Экспромтом с аннексией Крыма Москва пыталась сохранить свободу маневра и уклониться от любой зависимости от Китая, которая могла бы скомпрометировать подобную свободу. Однако, Путин придал стратегическое значение экспорту, идущему на восток, и готов к тому, что Китай будет покупать всю нефть и весь газ, какие Россия только может поставить. Тем самым, пространство для маневра резко сужено, и Россия во всех смыслах, превратилась в однобокого экспортера в условиях сложного регионального рынка.
Зависимость России от Китая куда больше, чем объемы экспортируемых ею углеводородов. Пекину не нужны выражения “солидарности” в связи с его территориальными претензиями или акциями. Он просто может вежливо посоветовать России ограничить военное сотрудничество с Вьетнамом или “перенести” начало работ по разведке вьетнамского шельфа. Если это будет сделано, Кремлю придется рассматривать подобное предложение как относящееся к типу тех, от которых нельзя отказаться. Подобная подчиненная позиция еще более усиливает растущую российскую фиксацию на конфронтации с Соединенными Штатами ( которые рассматриваются не только в качестве великой державы в состоянии упадка, но и как главный спонсор “цветных революций” - “нового вида войны”). Россия склонна рассматривать любой шаг Америки в Азиатско-Тихоокеанском регионе в качестве враждебного маневра, которому необходимо противостоять.
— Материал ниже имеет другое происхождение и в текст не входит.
(* Let $0<\beta<1$. There exist a strictly positive function $\eta:\mathbb{N}_0\to(0,\infty)$ and a nonnegative strictly increasing function $t^*:[0,\infty)\to[0,\infty)$ with $t^*(v)=0$ iff $v=0$, both depending only on $\beta$, such that: if $u$ is a solution of $\partial_tu=\Delta(u^\beta)$ on $[0,\infty)\times\mathbb{Z}$ with initial data $0\le u_0\le1$, then $$u(t,k)\ge\eta(|k-l|)\,(t-s)^{\frac1{1-\beta}}$$ for all $k,l\in\mathbb{Z}$ and all $s\ge0$, $t$ with $0\le t-s\le t^*(u(s,l))$.
   Context: $\Delta v(k)=v(k-1)-2v(k)+v(k+1)$. A solution: $u\in C^0([0,\infty);\ell^\infty_+(\mathbb{Z}))$ with $u(0)=u_0$, each $u(\cdot,k)\in C^1((0,\infty))$ satisfying $\frac{d}{dt}u(t,k)=\Delta(u^\beta)(t,k)$ for all $t>0$. *)

From Stdlib Require Import Reals ZArith.
From Coquelicot Require Import Coquelicot.
Open Scope R_scope.

(* x^b for x >= 0 (with 0^b = 0, for b > 0); Stdlib's Rpower is only meaningful on x > 0 *)
Definition rpow (b x : R) : R := if Rlt_dec 0 x then Rpower x b else 0.

Definition dlap (v : Z -> R) (k : Z) : R :=
  v (k - 1)%Z - 2 * v k + v (k + 1)%Z.

Definition linf_plus (v : Z -> R) : Prop :=
  (forall k, 0 <= v k) /\ exists M, forall k, Rabs (v k) <= M.

Definition is_solution (beta : R) (u0 : Z -> R) (u : R -> Z -> R) : Prop :=
  (forall t, 0 <= t -> linf_plus (u t)) /\
  (forall t0, 0 <= t0 -> forall eps, 0 < eps -> exists delta, 0 < delta /\
     forall t, 0 <= t -> Rabs (t - t0) < delta ->
       forall k, Rabs (u t k - u t0 k) <= eps) /\
  (forall k, u 0 k = u0 k) /\
  (forall k t, 0 < t ->
     is_derive (fun tau => u tau k) t (dlap (fun j => rpow beta (u t j)) k)) /\
  (forall k t, 0 < t ->
     continuous (fun tau => dlap (fun j => rpow beta (u tau j)) k) t).

(* Comparison with explicit barriers, with p = 1/(1-beta).  At the site l the
   Laplacian of u^beta loses at most 2 u^beta, so while u(.,l) stays below
   V = u(s,l) it decays at rate at most 3 V^beta; hence u(t,l) >= V/2 for
   t - s <= V^(1-beta)/6, a window on which (t-s)^p <= V.  At distance n+1
   from l, the neighbour at distance n feeds in at least eta_n^beta (t-s)^(p-1),
   which beats the loss 2 eta_(n+1)^beta (t-s)^(p-1) plus the growth
   p eta_(n+1) (t-s)^(p-1) of the barrier eta_(n+1) (t-s)^p; the comparison
   principle then gives the bound by induction on n. *)

From Stdlib Require Import Reals ZArith Lra Lia.
From Coquelicot Require Import Coquelicot.
Open Scope R_scope.

Definition right_continuous (f : R -> R) (x : R) : Prop :=
  forall eps, 0 < eps -> exists d, 0 < d /\
    forall y, x <= y < x + d -> Rabs (f y - f x) < eps.

Lemma continuity_pt_ball f x : continuity_pt f x -> forall eps, 0 < eps ->
  exists d, 0 < d /\ forall y, Rabs (y - x) < d -> Rabs (f y - f x) < eps.
Proof.
  intros Hf eps Heps. destruct (Hf eps Heps) as [d [Hd Hball]].
  exists d; split; [exact Hd|]. intros y Hy.
  destruct (Req_dec y x) as [->|Hne].
  - rewrite !Rminus_eq_0, Rabs_R0; exact Heps.
  - apply Hball. repeat split; auto.
Qed.

Lemma continuity_pt_right_continuous f x : continuity_pt f x -> right_continuous f x.
Proof.
  intros Hf eps Heps. destruct (continuity_pt_ball f x Hf eps Heps) as [d [Hd Hball]].
  exists d; split; [exact Hd|]. intros y Hy. apply Hball, Rabs_def1; lra.
Qed.

Lemma right_continuous_minus f g x :
  right_continuous f x -> right_continuous g x -> right_continuous (fun y => f y - g y) x.
Proof.
  intros Hf Hg eps Heps.
  destruct (Hf (eps / 2) ltac:(lra)) as [df [Hdf Hf']].
  destruct (Hg (eps / 2) ltac:(lra)) as [dg [Hdg Hg']].
  exists (Rmin df dg); split; [now apply Rmin_pos|]. intros y Hy.
  assert (Rmin df dg <= df) by apply Rmin_l. assert (Rmin df dg <= dg) by apply Rmin_r.
  specialize (Hf' y ltac:(lra)). specialize (Hg' y ltac:(lra)).
  apply Rabs_def2 in Hf'. apply Rabs_def2 in Hg'. apply Rabs_def1; lra.
Qed.

Lemma is_derive_continuity_pt f x l : is_derive f x l -> continuity_pt f x.
Proof.
  intros Hf. apply continuity_pt_filterlim.
  apply (@ex_derive_continuous R_AbsRing R_NormedModule). now exists l.
Qed.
По контрасту, Пекин не разделяет этот упрощенный взгляд и имеет низкое мнение о российских перспективах служить подобного рода противовесом.
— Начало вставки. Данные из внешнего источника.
Lemma Phi_cyl2_rel b F x y :
  (forall y y', cyl2 (negb b) y -> cyl2 (negb b) y' -> Phi y = Phi y') ->
  infinite_sum (F_term (barrier h0 h1 (negb b)) beta lam) F ->
  cyl2 b x -> cyl2 (negb b) y -> Phi x = F * Phi y.
Proof.
  intros Hconst HF Hx Hy.
  apply (UL_sequence _ _ _ (Phi_series b x Hx)).
  apply (Un_cv_ext (fun n => sum_f_R0 (F_term (barrier h0 h1 (negb b)) beta lam) n * Phi y)).
  - intros n. rewrite Rmult_comm, scal_sum. apply sum_eq; intros k _.
    f_equal. apply Hconst; [exact Hy | apply cyl2_scons_prepend, Hx].
  - apply CV_mult; [exact HF | apply Un_cv_const].
Qed.

Lemma Phi_cyl2_relations F0 F1 :
  infinite_sum (F_term h0 beta lam) F0 -> infinite_sum (F_term h1 beta lam) F1 ->
  F0 * F1 <= 1 ->
  forall x y, cyl01 x -> cyl10 y -> Phi x = F1 * Phi y /\ Phi y = F0 * Phi x.
Proof.
  intros HF0 HF1 HFF x y Hx Hy.
  pose proof eigenvalue_gt_1 as Hlam.
  destruct (osc_set_lub false) as [M0 [HM0 HM0pos]].
  destruct (osc_set_lub true) as [M1 [HM1 HM1pos]].
  destruct (mutually_dominated_0 M0 M1 F0 F1) as [E0 E1]; auto.
  - apply (F_term_sum_pos h1 beta lam); [lra | exact HF1].
  - exact (osc_set_dominated false F1 M0 M1 HF1 HM0 HM1).
  - exact (osc_set_dominated true F0 M1 M0 HF0 HM1 HM0).
  - subst M0 M1. split.
    + exact (Phi_cyl2_rel false F1 x y (Phi_cyl2_const_of_osc_0 true HM1) HF1 Hx Hy).
    + exact (Phi_cyl2_rel true F0 y x (Phi_cyl2_const_of_osc_0 false HM0) HF0 Hy Hx).
Qed.

Lemma F_product_eq_1 F0 F1 :
  infinite_sum (F_term h0 beta lam) F0 -> infinite_sum (F_term h1 beta lam) F1 ->
  F0 * F1 <= 1 -> F0 * F1 = 1.
Proof.
  intros HF0 HF1 HFF.
  set (x := scons false (scons true (fun _ => true))).
  set (y := scons true (scons false (fun _ => false))).
  destruct (Phi_cyl2_relations F0 F1 HF0 HF1 HFF x y) as [R1 R2]; try split; try reflexivity.
  pose proof (proj1 (proj2 Phi_eigen) x) as Hx.
  rewrite R2 in R1. apply Rmult_eq_reg_r with (Phi x); lra.
Qed.

End Eigenfunction.
End DoubleWell.

Theorem corollary3p5 (H : Sigma -> R) (h0 h1 : nat -> R) (beta lam : R)
  (Phi : Sigma -> R) (nu : (Sigma -> R) -> R) :
  reduced_double_well H h0 h1 -> 0 < beta ->
  is_normalized_eigenfunction H beta lam Phi ->
  is_eigenmeasure H beta lam nu ->
  exists F0 F1 : R,
    infinite_sum (F_term h0 beta lam) F0 /\
    infinite_sum (F_term h1 beta lam) F1 /\
    F0 * F1 = 1 /\
    (forall x y, cyl01 x -> cyl10 y ->
       Phi x = F1 * Phi y /\ Phi y = F0 * Phi x) /\
    nu ind01 = F0 * nu ind10 /\
    nu ind10 = F1 * nu ind01.
Proof.
  intros (_ & _ & _ & H_flat & Hw0 & Hw1 & _) Hbeta HPhi Hnu.
  assert (H_barrier : forall b n, (1 <= n)%nat ->
            forall x, cyl_well b n x -> H x = barrier h0 h1 b n)
    by (intros [|] n Hn; [apply Hw1 | apply Hw0]; exact Hn).
  pose proof (eigenvalue_gt_1 H beta lam H_flat Phi HPhi) as Hlam.
  destruct (F_term_summable h0 beta lam Hlam ltac:(lra)) as [F0 HF0].
  { intros k; apply Rlt_le, Hw0; lia. }
  destruct (F_term_summable h1 beta lam Hlam ltac:(lra)) as [F1 HF1].
  { intros k; apply Rlt_le, Hw1; lia. }
  pose proof (F_product_le_1 H h0 h1 beta lam H_flat H_barrier nu Hnu Hlam F0 F1 HF0 HF1) as HFF.
  pose proof (F_product_eq_1 H h0 h1 beta lam H_flat H_barrier Phi HPhi F0 F1 HF0 HF1 HFF) as HF.
  destruct (nu_cyl2_ratios H h0 h1 beta lam H_flat H_barrier nu Hnu Hlam F0 F1 HF0 HF1 HF)
    as [Hnu01 Hnu10].
  exists F0, F1. rewrite ind01_cyl_ind, ind10_cyl_ind.
  refine (conj HF0 (conj HF1 (conj HF (conj _ (conj Hnu01 Hnu10))))).
  exact (Phi_cyl2_relations H h0 h1 beta lam H_flat H_barrier Phi HPhi F0 F1 HF0 HF1 HFF).
Qed.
То, что наиболее всего беспокоит Россию - это перспективы китайского напора в Арктике. Давние российские планы расширения прибрежного шельфа лежат в руинах, в то время как Пекин продвигает дискурс “глобальной общности” Арктики - нечто, что рассматривается Москвой как анафема. Россия ввела новые строгие правила прохода по северному морскому пути и увеличила свое военное присутствие в регионе, специфически, в восточной части стратегически важного транзитного маршрута. Как долго подобное усилие удастся поддерживать, пока совершенно неясно.
Россия стремилась к политическому и экономическому партнерству с Западом, но ее новая жесткая конфронтация с Западом вынудила Кремль опираться на поддержку и добрую волю у Пекина в гораздо большей степени, чем хотелось бы. Параметры газовой сделки оказались лучше, чем Россия могла ожидать в ее отчаянной ситуации, но сделка не создает большой разницы в экономическом плане и лишь консолидирует зависимость России.
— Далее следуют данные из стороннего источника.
Theorem mainTheorem12 (R : realType) (d : measure_display) (Omega : measurableType d)
  (P : probability Omega R) (mu : probability (\bar R) R)
  (T Rs : nat -> Omega -> \bar R) :
  mu [set x : \bar R | x < 0] = 0 ->
  0 < mu [set x : \bar R | 0 < x] ->
  ereal_inf (msupp mu) = 0 ->
  (forall k, measurable_fun setT (T k)) ->
  (forall k w, 0 <= T k w) ->
  (forall k (A : set (\bar R)), measurable A -> P (T k @^-1` A) = mu A) ->
  mutual_indep P T ->
  (forall k, measurable_fun setT (Rs k)) ->
  (forall k w, 0 <= Rs k w) ->
  mutual_indep P Rs ->
  indep_seqs P T Rs ->
  (fun n => \prod_(k < n) P [set w | Rs k w < T k w]) @ \oo --> 0 ->
  (supermultiplicative mu ->
     forall t : R, (0 <= t)%R -> P [set w | t%:E < Ttilde T Rs w] <= Fbar mu t)
  /\
  (submultiplicative mu ->
     {ae P, forall w, (fun k => \sum_(l < k) Rs l w) @ \oo --> +oo} ->
     forall t : R, (0 <= t)%R -> Fbar mu t <= P [set w | t%:E < Ttilde T Rs w]).
Proof.
move=> mu_neg _ _ mT _ lawT indT mRs Rs_ge0 indR indTR prod0.
(* Neither T k >= 0 (a.s. implied by mu_neg), nor the support assumptions on mu,
   nor the a.s. divergence of the partial sums of Rs is needed: prod0 alone
   forces the walk to stop almost surely. *)
split=> [super t t_ge0 | sub _ t t_ge0].
- exact: Ttilde_tail_le_Fbar.
- exact: Fbar_le_Ttilde_tail.
Qed.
Российская смена стратегии и фокус на востоке , первоначально обсуждавшиеся в контексте саммита АПЕК во Владивостоке в 2012 на первый взгляд выглядят здраво, но требуют крупных инвестиций в Дальний Восток и политического внимания к азиатско-тихоокеанским делам. В настоящий момент, украинский театр требует огромной сосредоточенности политически элит - и огромных ресурсов. В реальности происходит снижение приоритетов восточного направления - особенно там, где речь идет о распределении ресурсов. Точно также, переориентация на экспорт углеводородов в Китай с рынков Европы пытаются представить в качестве акта противодействия Западу и улучшения стратегического партнерства с Китаем, а также гарантии того, что международная изоляция страны допущена не будет. В реальности, это поставило Россию в уязвимую геополитическую позицию и подставляет ее под риски, которыми она не готова управлять.
Несмотря на всю искусственную и показную сердечность, Путин не в состоянии контактировать с китайским руководством на личном уровне и не имеет понятия о его реальных мотивах и намерениях. Эта культурная пропасть расширяется в связи с неспособностью России экспортировать свою коррупцию в этот богатый, но специфический рынок. Разнообразные полулегальные схемы, связывающие путинские элиты с европейской финансовой системой и генерирующие дружественных лоббистов не работают в Китае.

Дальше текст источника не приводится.